Вечером они были в театре. Опера давалась под открытым небом, среди развалин древнего цирка; стулья стояли прямо на траве, деревья декораций сливались с стройными кипарисами парка, тянувшегося за стеной. На розовеющее закатное небо зловещие синие тучи налезали, грозя дождем, и публика, и артисты часто с тревогой поднимали головы к небу. Но гроза прошла стороной, только раскаты грома мешались с трубами оркестра, да далекие зарницы, как затейливый световой эффект, заставляли вздрагивать толстых голосистых любовников во время их бесконечного дуэта.

В антрактах мальчишки разносили мороженое, лимонад, сифоны и вечерние листки газет.

Георгий Петрович купил газету, но знакомые, будто испорченные французские слова только дразнили любопытство.

— Все это глупости, — досадливо сказал он.

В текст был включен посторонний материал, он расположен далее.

Lemma phi_bandpass W1 W2 : paired W1 -> bandpass_move W1 W2 -> phi W2 = phi W1.
Proof.
move=> pW [x11 [x12 [x21 [x22 [s [p [q [X1 [X2 [X3 [X4 [u0 [u1 [u2 [u3 [u4
  [_ [perm_X [eW1 eW2]]]]]]]]]]]]]]]]]]].
set L := [:: x11; x12; x21; x22].
set bs := [:: (X1, u1); (X2, u2); (X3, u3); (X4, u4)].
have {}eW1 : W1 = interleave u0 bs by rewrite eW1 /interleave /= cats0 -!catA.
have {}eW2 : W2 = interleave u0 [seq (map flip b.1, b.2) | b <- bs].
  by rewrite eW2 /interleave /= cats0 -!catA.
have count_blocks a :
    count_mem a (map lab (flatten (map fst bs))) = (count_mem a L).*2.
  rewrite (permP (perm_map lab (perm_flatten perm_X))) /= !map_cat !count_cat.
  by rewrite !count_lab_pair2 /lab /=; lia.
have size_blocks : all (fun b => size b.1 == 2) bs.
  by rewrite -(all_map fst (fun X => size X == 2)) (perm_all _ perm_X) /= !size_pair2.
have in_blocks X y : X \in map fst bs -> y \in X -> y \in flatten (map fst bs).
  by move=> bsX Xy; apply/flattenP; exists X.
have lab_blocks : {in flatten (map fst bs), forall y, lab y \in L}.
  move=> y y_blocks; rewrite -has_pred1 has_count -double_gt0 -count_blocks.
  by rewrite -has_count has_pred1 map_f.
have lab_gaps : {in u0 ++ flatten (map snd bs), forall y, lab y \notin L}.
  move=> y y_gaps; apply/negP => yL.
  have := paired_size_occ (lab y) pW; rewrite eW1 size_filter count_interleave.
  rewrite (eq_count (a2 := preim lab (pred1 (lab y)))) // -count_map count_blocks.
  have : 0 < count_mem (lab y) L by rewrite -has_count has_pred1.
  have : 0 < count (fun z => lab z == lab y) (u0 ++ flatten (map snd bs)).
    by rewrite -has_count; apply/hasP; exists y => /=.
  by rewrite /gword; lia.
have flipW : W2 = map (flip_on L) W1.
  rewrite eW1 eW2 (map_interleave_in (g := id) (h := map flip)) => [|y /lab_gaps|X bsX].
  - by rewrite map_id; congr interleave; apply: eq_map => b; rewrite !map_id.
  - by rewrite /flip_on => /negbTE->.
  by rewrite map_id; apply/eq_in_map => y Xy; rewrite /flip_on lab_blocks ?(in_blocks X).
apply: (phi_block_move negb_toggles_mixed_pairs size_blocks _ eW1).
  by move=> a; rewrite count_blocks odd_double.
rewrite flipW marks_flip_on [X in map _ X]eW1.
apply: map_interleave_in => [y /lab_gaps/negbTE-> // | X bsX].
by rewrite -map_comp; apply/eq_in_map => y Xy /=; rewrite lab_blocks ?(in_blocks X).
Qed.

Lemma phi_elem_move W1 W2 : paired W1 -> elem_move W1 W2 -> phi W2 = phi W1.
Proof.
move=> pW [|[|[|[|]]]]; [exact: phi_relabel | exact: phi_R1 | exact: phi_R2 |
  exact: phi_R3 | exact: phi_bandpass].
Qed.

Lemma phi_move_step W1 W2 : move_step W1 W2 -> phi W1 = phi W2.
Proof.
by case=> /gauss_wf_paired pW1 /gauss_wf_paired pW2
  [/(phi_elem_move pW1) | /(phi_elem_move pW2)].
Qed.

Lemma phi_bp_equiv K1 K2 : bp_equiv K1 K2 -> phi K1 = phi K2.
Proof. by elim=> // W1 W2 W3 /phi_move_step ->. Qed.

Local Open Scope ring_scope.

Theorem theorem3 (K1 K2 : gword) :
  gauss_wf K1 -> gauss_wf K2 -> bp_equiv K1 K2 ->
  (v21 K1 + v22 K1 = v21 K2 + v22 K2 %[mod 2])%Z.
Proof.
move=> /gauss_wf_paired pK1 /gauss_wf_paired pK2 eqK; apply: oddz_eq_mod2.
by rewrite !oddz_v2 !incr_xor4_v2_kernel_phi // (phi_bp_equiv eqK).
Qed.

— Неужели же кончится наш прекрасный нежный сон? — задумчиво произнесла Наталья Николаевна.

Будто не расслышав, Георгий Петрович промолчал.

На следующий день они уехали в Лугано, так как приходил срок неизбежного возвращения, такого тягостного и неприятного.

Уже было шестнадцатое (двадцать девятое) июля.

У «счастливых швейцарцев» все было тихо, дремотно-спокойно, невозмутимо-скучно, и три дня, которые они прожили в Лугано, совершенно не давали возможности даже предположить того, что случилось с ними, да и со всем миром{350} менее чем через неделю.

Маленькая швейцарская газета давала сведения скудные и будто нарочито успокоительные. По чистенькой набережной также чинно гуляла какая-то несколько сероватая публика. Туристы взбирались по феникулярам{351} на неприступные вершины Брея и Сан-Сальватора. В курзале по вечерам играла музыка и в скромных размерах действовала рулетка.

Все это мучительно не нравилось Наталье Николаевне.

Совсем неожиданно от Андрея пришли две тысячи франков, переведенные телеграфом.

Писем жене не было.

Эта неожиданная молчаливая щедрость наполнила Наталью Николаевну волнением, хотя не только Георгий Петрович, но и живший в том же пансионе русский профессор смеялись над ее опасениями. Только хозяйка, госпожа Шульц, ходила с заплаканными глазами, — ее муж был прусский подданный и запасной.

— Тебе как будто хочется скорее вернуться к мужу? — сказал Георгий Петрович.

— Нет, нет, милый, не сердись, но лучше поживем в Берлине, если все будет спокойно, — умоляюще говорила Наталья Николаевна.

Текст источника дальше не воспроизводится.